*TASK TO CARRY OUT*. What lines in the records below contain the string "that"? Copy every one.

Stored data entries
Lemma frob_sq_mul_orth m n k (A : 'M[R]_(m, n)) (V : 'M[R]_(n, k)) :
  V *m V^T = 1%:M -> frob_sq (A *m V) = frob_sq A.
Proof.
by move=> VV; rewrite !frob_sq_trace trmx_mul mulmxA -(mulmxA A) VV mulmx1.
Qed.

Lemma frob1_ge1 p : (0 < p)%N -> 1 <= frob_norm (1%:M : 'M[R]_p).
Proof.
move=> p_gt0; apply: ler_sqrt_sqr; rewrite expr1n.
rewrite (eq_bigr (fun _ => 1)); first by rewrite sumr_const card_ord ler1n.
move=> i _; rewrite (bigD1 i) //= big1 ?addr0 => [|j ji].
  by rewrite mxE eqxx expr1n.
by rewrite mxE eq_sym (negbTE ji) expr0n.
Qed.

End FrobeniusNorm.

Section LeadingColumns.
Variable R : realType.

Definition lead_cols n p : 'M[R]_(n, p) :=
  \matrix_(i, j) ((i : nat) == (j : nat))%:R.

Lemma mul_lead_cols m n p (A : 'M[R]_(m, n)) (le_pn : (p <= n)%N) i j :
  (A *m lead_cols n p) i j = A i (widen_ord le_pn j).
Proof.
rewrite mxE (bigD1 (widen_ord le_pn j)) //= mxE eqxx mulr1 big1 ?addr0 // => k kj.
rewrite mxE; case: eqP => [ekj|]; last by rewrite mulr0.
by case/eqP: kj; apply: val_inj.
Qed.

Lemma lead_cols_compress n m p (A : 'M[R]_(n, m))
    (le_pn : (p <= n)%N) (le_pm : (p <= m)%N) i j :
  ((lead_cols n p)^T *m A *m lead_cols m p) i j =
  A (widen_ord le_pn i) (widen_ord le_pm j).
Proof.
rewrite (mul_lead_cols _ le_pm) -[_ *m A]trmxK trmx_mul trmxK mxE.
by rewrite (mul_lead_cols _ le_pn) mxE.
Qed.
Lemma partition_of_surj n (s : colored_partition n) : s \in avoiders n ->
  exists2 t, is_cmap t & partition_of t = s.
Proof.
move=> sA; have := avoiders_monochromatic sA; move: sA.
case: s => P c; rewrite inE /is_colored_partition /= => /and3P[partP _ _] mono.
have cP := cover_partition partP; have [_ tI _] := and3P partP.
have iPi i : i \in pblock P i by rewrite mem_pblock cP inE.
pose r := [ffun i => block_min (pblock P i) i].
have rPi i : r i \in pblock P i by rewrite ffunE; case: (block_minP (iPi i)).
have Pr i : pblock P (r i) = pblock P i by apply: same_pblock.
have r_eq x y : (r x == r y) = (pblock P x == pblock P y).
  apply/eqP/eqP => [E|E]; first by rewrite -Pr E Pr.
  by rewrite !ffunE E; apply: block_min_eq; [rewrite -E|]; apply: iPi.
exists (r, c).
  apply/is_cmapP => i /=; split.
  - by rewrite ffunE; case: (block_minP (iPi i)) => _ ->.
  - by apply/eqP; rewrite r_eq Pr.
  - apply: mono; apply/existsP; exists (pblock P i).
    by rewrite pblock_mem ?cP ?inE //= iPi rPi.
congr (_, _); rewrite -[RHS](preim_partition_pblock partP).
by apply: eq_imset => x; apply/setP => y; rewrite !inE r_eq.
Qed.
(* On constant acts, A1-A3 are the von Neumann-Morgenstern axioms, so an affine u represents
   the preference on X. For an act f, the utilities of the constants that f beats form an
   initial segment of u(X) whose supremum is the lower certainty equivalent of f; with A2, A3
   and A5 it is monotone and constant-affine in u o f, and rescaling extends it to a
   functional Ip on B0. The same construction for the converse preference and -u gives the
   upper certainty equivalent Io >= Ip. Axioms A6 and A7 say precisely that f beats g iff
   both certainty equivalents of f exceed those of g. Both functionals are determined by
   the comparisons with constants, which gives uniqueness. *)

From Stdlib Require Import ClassicalEpsilon FunctionalExtensionality PropExtensionality Classical.
From Stdlib Require Raxioms.
From mathcomp Require Import all_boot all_order all_algebra.
From mathcomp Require Import Rstruct.
From mathcomp Require Import ring lra.
Set Implicit Arguments. Unset Strict Implicit. Unset Printing Implicit Defensive.
Import Order.TTheory GRing.Theory Num.Theory.
Local Open Scope ring_scope.

Lemma has_sup (E : Real -> Prop) (M : Real) :
  (exists x, E x) -> (forall x, E x -> x <= M) ->
  exists m, (forall x, E x -> x <= m) /\ (forall b, (forall x, E x -> x <= b) -> m <= b).
Proof.
move=> hne hM.
have [|m [hub hlub]] := @Raxioms.completeness E _ hne.
  by exists M => x /hM /RleP.
exists m; split; first by move=> x /hub /RleP.
by move=> b hb; apply/RleP; apply: hlub => x /hb /RleP.
Qed.

Lemma ltr_norml_of (d e : Real) : - e < d -> d < e -> `|d| < e.
Proof. by move=> h1 h2; rewrite ltr_norml h1 h2. Qed.

Lemma point_above_close (m e hi : Real) : m < hi -> 0 < e ->
  exists t, m < t /\ t < hi /\ t - m < e.
Proof.
move=> h1 h2; case: (lerP e (hi - m)) => h.
  by exists (m + e / 2); split; [|split]; lra.
by exists (m + (hi - m) / 2); split; [|split]; lra.
Qed.

Lemma point_below_close (m e lo : Real) : lo < m -> 0 < e ->
  exists t, lo < t /\ t < m /\ m - t < e.
Proof.
move=> h1 h2; case: (lerP e (m - lo)) => h.
  by exists (m - e / 2); split; [|split]; lra.
by exists (m - (m - lo) / 2); split; [|split]; lra.
Qed.

Lemma divr_in01 (a b : Real) : 0 <= a -> a <= b -> 0 < b -> 0 <= a / b <= 1.
Proof.
by move=> a0 ab b0; apply/andP; split; [apply: divr_ge0 => //; apply: ltW | rewrite ler_pdivrMr // mul1r].
Qed.

Lemma half_in01 : 0 < (1 / 2 : Real) < 1.
Proof. by apply/andP; split; lra. Qed.

Lemma half_in01W : 0 <= (1 / 2 : Real) <= 1.
Proof. by apply/andP; split; lra. Qed.

Lemma open_in_unit_ext (A B : Real -> Prop) :
  (forall a, 0 <= a <= 1 -> (A a <-> B a)) -> open_in_unit B -> open_in_unit A.
Proof.
move=> hAB hB a ha hA; have [|e [e0 he]] := hB a ha; first exact/hAB.
by exists e; split => // b hb hbe; apply/hAB => //; apply: he.
Qed.

Lemma open_in_unit_and (A B : Real -> Prop) : open_in_unit A -> open_in_unit B ->
  open_in_unit (fun a => A a /\ B a).
Proof.
move=> hA hB a ha [h1 h2].
have [e1 [e10 he1]] := hA a ha h1; have [e2 [e20 he2]] := hB a ha h2.
exists (Order.min e1 e2); split; first by rewrite lt_min e10.
move=> b hb; rewrite lt_min => /andP [b1 b2]; split; [exact: he1 | exact: he2].
Qed.

Section ConvexCombination.
Variable V : lmodType Real.
Implicit Types x y b w : V.

Lemma mixv1 x y : 1 *: x + (1 - 1) *: y = x.
Proof. by rewrite subrr scale0r addr0 scale1r. Qed.

Lemma mixv0 x y : 0 *: x + (1 - 0) *: y = y.
Proof. by rewrite scale0r add0r subr0 scale1r. Qed.

Lemma mixvv (a : Real) x : a *: x + (1 - a) *: x = x.
Proof. by rewrite -scalerDl addrC subrK scale1r. Qed.

Lemma mixvC (a : Real) x y : a *: x + (1 - a) *: y = (1 - a) *: y + (1 - (1 - a)) *: x.
Proof. by rewrite addrC; congr (_ + _ *: _); ring. Qed.

Lemma mixv_mix (c t s : Real) b w :
  c *: (t *: b + (1 - t) *: w) + (1 - c) *: (s *: b + (1 - s) *: w)
  = (c * t + (1 - c) * s) *: b + (1 - (c * t + (1 - c) * s)) *: w.
Proof.
rewrite !scalerDr !scalerA addrACA -!scalerDl.
by congr (_ *: _ + _ *: _); ring.
Qed.

End ConvexCombination.

Lemma mix1f (S : Type) (V : lmodType Real) (f g : S -> V) : mix 1 f g = f.
Proof. by apply: functional_extensionality => s; rewrite /mix mixv1. Qed.

(** * Simple acts *)

Section Measurability.
Variables (S : Type) (Sig : (S -> Prop) -> Prop).
Hypothesis HSig : is_algebra Sig.

Lemma Sig_ext (A B : S -> Prop) : Sig A -> (forall s, A s <-> B s) -> Sig B.
Proof.
move=> hA hAB; suff <- : A = B by [].
by apply: functional_extensionality => s; apply: propositional_extensionality.
Qed.

Lemma Sig_not A : Sig A -> Sig (fun s => ~ A s).
Proof. by case: HSig => _ [hc _]; apply: hc. Qed.

Lemma Sig_or A B : Sig A -> Sig B -> Sig (fun s => A s \/ B s).
Proof. by case: HSig => _ [_ hu]; apply: hu. Qed.

Lemma Sig_and A B : Sig A -> Sig B -> Sig (fun s => A s /\ B s).
Proof.
move=> hA hB; apply: Sig_ext (Sig_not (Sig_or (Sig_not hA) (Sig_not hB))) _ => s.
by split=> [/not_or_and [/NNPP ? /NNPP ?] | [? ?] []].
Qed.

*FINISHED EXERCISE*.
   the preference on X. For an act f, the utilities of the constants that f beats form an
   upper certainty equivalent Io >= Ip. Axioms A6 and A7 say precisely that f beats g iff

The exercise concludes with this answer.